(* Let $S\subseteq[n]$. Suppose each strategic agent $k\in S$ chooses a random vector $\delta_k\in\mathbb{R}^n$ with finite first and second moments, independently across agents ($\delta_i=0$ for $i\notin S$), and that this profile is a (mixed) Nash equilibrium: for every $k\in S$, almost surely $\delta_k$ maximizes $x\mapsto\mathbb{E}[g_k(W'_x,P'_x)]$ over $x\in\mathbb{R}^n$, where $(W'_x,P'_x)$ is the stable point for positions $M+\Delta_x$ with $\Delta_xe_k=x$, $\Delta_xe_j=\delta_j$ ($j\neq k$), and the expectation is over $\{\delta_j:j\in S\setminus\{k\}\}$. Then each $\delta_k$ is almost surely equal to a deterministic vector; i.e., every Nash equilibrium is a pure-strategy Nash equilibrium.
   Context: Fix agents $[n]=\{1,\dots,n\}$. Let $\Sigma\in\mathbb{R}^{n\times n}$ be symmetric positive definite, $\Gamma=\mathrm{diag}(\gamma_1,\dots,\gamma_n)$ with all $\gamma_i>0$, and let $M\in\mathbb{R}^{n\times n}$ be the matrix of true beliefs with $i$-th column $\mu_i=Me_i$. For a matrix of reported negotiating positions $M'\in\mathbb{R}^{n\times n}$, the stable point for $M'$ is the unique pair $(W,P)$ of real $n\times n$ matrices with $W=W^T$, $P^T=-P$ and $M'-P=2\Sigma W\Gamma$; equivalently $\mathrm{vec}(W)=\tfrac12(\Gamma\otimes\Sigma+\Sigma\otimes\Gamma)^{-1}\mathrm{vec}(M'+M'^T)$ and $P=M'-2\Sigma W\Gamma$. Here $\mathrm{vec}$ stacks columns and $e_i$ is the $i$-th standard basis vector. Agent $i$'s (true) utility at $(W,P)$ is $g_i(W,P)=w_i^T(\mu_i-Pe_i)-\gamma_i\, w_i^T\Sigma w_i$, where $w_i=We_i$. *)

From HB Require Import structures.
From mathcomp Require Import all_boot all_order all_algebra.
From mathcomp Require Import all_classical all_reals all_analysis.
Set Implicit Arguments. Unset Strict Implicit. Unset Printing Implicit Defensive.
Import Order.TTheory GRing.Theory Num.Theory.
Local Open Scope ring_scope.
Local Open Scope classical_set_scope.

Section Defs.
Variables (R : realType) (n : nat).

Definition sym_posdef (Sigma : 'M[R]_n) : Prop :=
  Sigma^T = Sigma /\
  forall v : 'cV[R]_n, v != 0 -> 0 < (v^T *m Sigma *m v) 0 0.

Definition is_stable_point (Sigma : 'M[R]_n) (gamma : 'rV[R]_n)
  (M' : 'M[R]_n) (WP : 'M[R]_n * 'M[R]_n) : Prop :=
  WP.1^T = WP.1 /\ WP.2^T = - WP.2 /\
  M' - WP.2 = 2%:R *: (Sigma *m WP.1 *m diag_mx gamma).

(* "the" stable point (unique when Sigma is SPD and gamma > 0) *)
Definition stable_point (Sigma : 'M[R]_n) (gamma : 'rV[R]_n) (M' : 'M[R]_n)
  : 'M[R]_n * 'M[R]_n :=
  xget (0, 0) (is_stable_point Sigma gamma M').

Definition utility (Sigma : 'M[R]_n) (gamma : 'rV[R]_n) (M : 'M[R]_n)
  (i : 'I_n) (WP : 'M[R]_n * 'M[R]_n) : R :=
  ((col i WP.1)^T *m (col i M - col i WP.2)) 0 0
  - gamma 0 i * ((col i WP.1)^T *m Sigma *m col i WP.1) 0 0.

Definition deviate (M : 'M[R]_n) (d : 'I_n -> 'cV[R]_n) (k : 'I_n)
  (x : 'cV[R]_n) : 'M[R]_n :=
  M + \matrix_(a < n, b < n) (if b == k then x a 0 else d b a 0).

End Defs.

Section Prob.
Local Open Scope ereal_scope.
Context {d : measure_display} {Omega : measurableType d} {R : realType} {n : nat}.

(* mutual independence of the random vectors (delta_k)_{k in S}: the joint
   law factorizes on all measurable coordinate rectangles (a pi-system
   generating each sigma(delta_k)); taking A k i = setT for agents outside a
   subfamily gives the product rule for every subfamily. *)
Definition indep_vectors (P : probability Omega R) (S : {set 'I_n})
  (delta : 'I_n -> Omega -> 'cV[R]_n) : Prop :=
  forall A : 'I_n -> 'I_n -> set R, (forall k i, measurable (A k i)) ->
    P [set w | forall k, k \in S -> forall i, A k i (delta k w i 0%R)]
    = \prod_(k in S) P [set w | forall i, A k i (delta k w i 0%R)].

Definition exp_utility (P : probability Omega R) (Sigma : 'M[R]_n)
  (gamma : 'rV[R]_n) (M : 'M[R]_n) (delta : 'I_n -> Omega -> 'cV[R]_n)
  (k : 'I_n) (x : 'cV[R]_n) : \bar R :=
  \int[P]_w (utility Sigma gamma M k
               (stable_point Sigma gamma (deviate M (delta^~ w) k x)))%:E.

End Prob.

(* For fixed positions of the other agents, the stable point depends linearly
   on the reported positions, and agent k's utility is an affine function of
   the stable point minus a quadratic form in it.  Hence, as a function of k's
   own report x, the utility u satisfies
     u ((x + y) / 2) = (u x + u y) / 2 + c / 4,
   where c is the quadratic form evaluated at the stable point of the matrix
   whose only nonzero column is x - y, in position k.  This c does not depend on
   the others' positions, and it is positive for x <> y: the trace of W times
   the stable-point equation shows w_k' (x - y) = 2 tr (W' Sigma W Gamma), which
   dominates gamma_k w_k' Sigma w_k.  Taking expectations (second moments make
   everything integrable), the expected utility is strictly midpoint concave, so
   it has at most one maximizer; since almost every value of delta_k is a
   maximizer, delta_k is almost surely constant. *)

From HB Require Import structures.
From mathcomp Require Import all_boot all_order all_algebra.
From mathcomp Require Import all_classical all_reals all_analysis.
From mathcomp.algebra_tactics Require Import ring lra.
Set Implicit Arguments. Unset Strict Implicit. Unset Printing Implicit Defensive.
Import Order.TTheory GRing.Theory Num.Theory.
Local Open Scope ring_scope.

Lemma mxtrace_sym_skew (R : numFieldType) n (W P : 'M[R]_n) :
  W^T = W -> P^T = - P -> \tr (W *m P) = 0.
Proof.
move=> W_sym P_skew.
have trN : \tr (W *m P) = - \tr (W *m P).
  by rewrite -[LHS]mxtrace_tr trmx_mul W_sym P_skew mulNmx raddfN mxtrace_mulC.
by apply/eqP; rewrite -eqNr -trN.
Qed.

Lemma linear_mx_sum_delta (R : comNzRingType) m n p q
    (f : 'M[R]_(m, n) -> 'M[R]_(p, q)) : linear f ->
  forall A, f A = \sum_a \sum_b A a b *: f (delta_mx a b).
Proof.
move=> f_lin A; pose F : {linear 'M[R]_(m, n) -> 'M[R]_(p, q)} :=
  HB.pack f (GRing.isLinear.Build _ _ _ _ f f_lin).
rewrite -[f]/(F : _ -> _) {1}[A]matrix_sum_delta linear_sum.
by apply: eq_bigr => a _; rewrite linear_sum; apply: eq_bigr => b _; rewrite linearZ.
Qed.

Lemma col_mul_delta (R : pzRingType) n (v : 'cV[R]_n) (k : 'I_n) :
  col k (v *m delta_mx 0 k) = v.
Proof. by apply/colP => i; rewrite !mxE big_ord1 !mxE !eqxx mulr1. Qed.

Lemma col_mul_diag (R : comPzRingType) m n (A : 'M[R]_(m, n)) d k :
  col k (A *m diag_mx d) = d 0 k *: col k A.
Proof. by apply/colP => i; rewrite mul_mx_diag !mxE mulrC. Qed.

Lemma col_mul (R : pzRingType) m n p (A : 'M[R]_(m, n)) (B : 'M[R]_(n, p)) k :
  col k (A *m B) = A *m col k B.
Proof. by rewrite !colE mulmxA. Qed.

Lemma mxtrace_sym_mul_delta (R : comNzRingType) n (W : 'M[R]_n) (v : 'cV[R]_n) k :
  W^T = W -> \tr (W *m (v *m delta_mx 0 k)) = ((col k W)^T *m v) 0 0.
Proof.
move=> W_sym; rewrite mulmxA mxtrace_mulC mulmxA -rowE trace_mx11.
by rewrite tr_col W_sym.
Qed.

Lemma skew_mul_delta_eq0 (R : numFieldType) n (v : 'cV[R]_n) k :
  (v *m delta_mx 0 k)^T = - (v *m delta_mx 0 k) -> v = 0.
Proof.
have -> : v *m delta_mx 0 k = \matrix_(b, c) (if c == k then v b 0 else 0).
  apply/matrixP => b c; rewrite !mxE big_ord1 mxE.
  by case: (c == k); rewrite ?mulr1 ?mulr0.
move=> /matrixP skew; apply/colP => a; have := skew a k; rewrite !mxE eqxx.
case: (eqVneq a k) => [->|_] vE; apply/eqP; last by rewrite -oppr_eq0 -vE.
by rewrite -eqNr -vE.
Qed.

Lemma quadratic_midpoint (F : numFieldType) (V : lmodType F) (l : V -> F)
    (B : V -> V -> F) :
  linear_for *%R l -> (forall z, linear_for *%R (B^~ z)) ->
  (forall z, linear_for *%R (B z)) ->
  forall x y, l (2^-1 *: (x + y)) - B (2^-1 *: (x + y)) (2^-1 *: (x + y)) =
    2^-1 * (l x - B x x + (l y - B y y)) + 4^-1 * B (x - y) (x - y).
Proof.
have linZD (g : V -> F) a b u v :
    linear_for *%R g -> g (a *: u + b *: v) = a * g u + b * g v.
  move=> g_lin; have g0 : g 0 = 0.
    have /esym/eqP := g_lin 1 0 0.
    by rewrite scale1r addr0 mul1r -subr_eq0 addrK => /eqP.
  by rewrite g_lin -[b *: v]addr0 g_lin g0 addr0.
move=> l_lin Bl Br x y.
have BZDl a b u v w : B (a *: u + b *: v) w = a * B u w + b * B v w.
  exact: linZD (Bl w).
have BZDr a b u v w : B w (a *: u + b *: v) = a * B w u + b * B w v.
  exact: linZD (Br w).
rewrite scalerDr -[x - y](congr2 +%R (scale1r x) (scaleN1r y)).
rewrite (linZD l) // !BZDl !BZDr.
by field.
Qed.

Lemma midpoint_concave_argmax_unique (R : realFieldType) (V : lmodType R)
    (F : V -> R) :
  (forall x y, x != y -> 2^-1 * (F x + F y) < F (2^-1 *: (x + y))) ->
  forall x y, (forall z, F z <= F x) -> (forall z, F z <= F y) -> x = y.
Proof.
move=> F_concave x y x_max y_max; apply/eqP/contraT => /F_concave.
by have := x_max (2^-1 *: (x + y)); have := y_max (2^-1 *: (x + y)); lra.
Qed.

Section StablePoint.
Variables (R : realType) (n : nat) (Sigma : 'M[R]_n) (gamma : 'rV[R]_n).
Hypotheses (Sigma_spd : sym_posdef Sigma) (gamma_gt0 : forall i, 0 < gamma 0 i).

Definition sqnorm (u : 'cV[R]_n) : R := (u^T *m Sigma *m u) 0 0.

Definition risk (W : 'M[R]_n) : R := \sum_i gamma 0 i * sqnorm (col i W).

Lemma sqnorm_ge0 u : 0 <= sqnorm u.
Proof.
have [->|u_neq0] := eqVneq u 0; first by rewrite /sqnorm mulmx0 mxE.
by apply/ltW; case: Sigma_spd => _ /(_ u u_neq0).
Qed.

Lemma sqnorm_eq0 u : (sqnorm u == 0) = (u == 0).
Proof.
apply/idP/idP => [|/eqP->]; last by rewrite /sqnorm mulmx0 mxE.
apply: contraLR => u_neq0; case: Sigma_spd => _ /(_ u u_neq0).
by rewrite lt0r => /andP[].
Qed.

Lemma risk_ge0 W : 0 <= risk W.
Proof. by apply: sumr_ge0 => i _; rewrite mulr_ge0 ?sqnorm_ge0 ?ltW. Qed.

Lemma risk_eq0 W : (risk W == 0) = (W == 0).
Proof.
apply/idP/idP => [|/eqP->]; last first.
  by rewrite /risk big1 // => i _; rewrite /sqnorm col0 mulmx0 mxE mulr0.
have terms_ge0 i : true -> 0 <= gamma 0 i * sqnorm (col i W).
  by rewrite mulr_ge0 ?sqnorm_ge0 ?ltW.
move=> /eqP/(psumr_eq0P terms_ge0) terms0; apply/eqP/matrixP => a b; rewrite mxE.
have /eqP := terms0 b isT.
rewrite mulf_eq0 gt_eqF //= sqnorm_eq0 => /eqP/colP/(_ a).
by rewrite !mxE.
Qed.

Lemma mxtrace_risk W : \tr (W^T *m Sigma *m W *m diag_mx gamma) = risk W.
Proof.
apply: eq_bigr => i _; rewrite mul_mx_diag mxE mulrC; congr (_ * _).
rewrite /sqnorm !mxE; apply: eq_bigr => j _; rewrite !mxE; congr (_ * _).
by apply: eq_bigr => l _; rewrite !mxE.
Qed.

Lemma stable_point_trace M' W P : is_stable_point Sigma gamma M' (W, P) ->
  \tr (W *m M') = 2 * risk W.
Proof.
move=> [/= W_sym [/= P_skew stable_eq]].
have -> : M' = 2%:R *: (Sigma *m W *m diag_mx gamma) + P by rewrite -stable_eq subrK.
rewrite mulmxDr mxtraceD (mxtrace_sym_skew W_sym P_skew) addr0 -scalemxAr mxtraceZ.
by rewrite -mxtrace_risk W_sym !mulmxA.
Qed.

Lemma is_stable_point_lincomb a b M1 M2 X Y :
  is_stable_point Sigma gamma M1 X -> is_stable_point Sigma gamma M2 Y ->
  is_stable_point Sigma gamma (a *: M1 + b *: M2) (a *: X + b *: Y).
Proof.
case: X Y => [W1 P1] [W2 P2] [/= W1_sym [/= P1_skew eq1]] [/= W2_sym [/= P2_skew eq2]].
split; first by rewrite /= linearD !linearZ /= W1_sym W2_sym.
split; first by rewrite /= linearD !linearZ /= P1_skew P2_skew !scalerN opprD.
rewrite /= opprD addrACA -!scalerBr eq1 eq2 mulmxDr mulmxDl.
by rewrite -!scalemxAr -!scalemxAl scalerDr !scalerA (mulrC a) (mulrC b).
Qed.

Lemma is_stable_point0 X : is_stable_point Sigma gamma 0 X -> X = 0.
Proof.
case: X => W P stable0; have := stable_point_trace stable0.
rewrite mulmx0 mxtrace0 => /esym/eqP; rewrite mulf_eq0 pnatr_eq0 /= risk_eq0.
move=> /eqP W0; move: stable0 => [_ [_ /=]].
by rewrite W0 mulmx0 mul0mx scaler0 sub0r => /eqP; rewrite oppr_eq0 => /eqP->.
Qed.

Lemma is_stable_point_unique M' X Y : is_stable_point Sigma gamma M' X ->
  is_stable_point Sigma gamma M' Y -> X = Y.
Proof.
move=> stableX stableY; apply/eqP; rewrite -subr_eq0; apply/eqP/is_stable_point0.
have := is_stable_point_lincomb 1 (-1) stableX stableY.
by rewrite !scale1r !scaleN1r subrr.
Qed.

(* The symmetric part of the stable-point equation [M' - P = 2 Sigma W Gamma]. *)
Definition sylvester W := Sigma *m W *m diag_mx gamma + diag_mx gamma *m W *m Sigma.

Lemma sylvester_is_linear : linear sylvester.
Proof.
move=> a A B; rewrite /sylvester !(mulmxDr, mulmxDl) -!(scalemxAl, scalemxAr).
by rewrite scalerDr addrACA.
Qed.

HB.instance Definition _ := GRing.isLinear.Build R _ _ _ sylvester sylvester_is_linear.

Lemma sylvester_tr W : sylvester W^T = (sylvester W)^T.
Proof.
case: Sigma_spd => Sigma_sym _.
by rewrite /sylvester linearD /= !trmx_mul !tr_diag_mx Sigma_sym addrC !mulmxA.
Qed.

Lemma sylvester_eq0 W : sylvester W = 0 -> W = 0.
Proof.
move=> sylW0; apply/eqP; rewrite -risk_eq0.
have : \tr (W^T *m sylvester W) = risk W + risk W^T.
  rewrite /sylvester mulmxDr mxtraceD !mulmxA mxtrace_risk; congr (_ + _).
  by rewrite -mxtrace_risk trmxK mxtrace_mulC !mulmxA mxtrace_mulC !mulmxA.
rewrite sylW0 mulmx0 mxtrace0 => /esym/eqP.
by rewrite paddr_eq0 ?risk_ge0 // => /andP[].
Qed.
#####
Problem statement
Your answer should consist only of the lines above between the line holding "move=> f_lin A;" and the line holding "Lemma col_mul_delta (R", inclusive, each transcribed exactly.

Answer space
move=> f_lin A; pose F : {linear 'M[R]_(m, n) -> 'M[R]_(p, q)} :=
  HB.pack f (GRing.isLinear.Build _ _ _ _ f f_lin).
rewrite -[f]/(F : _ -> _) {1}[A]matrix_sum_delta linear_sum.
by apply: eq_bigr => a _; rewrite linear_sum; apply: eq_bigr => b _; rewrite linearZ.
Qed.

Lemma col_mul_delta (R : pzRingType) n (v : 'cV[R]_n) (k : 'I_n) :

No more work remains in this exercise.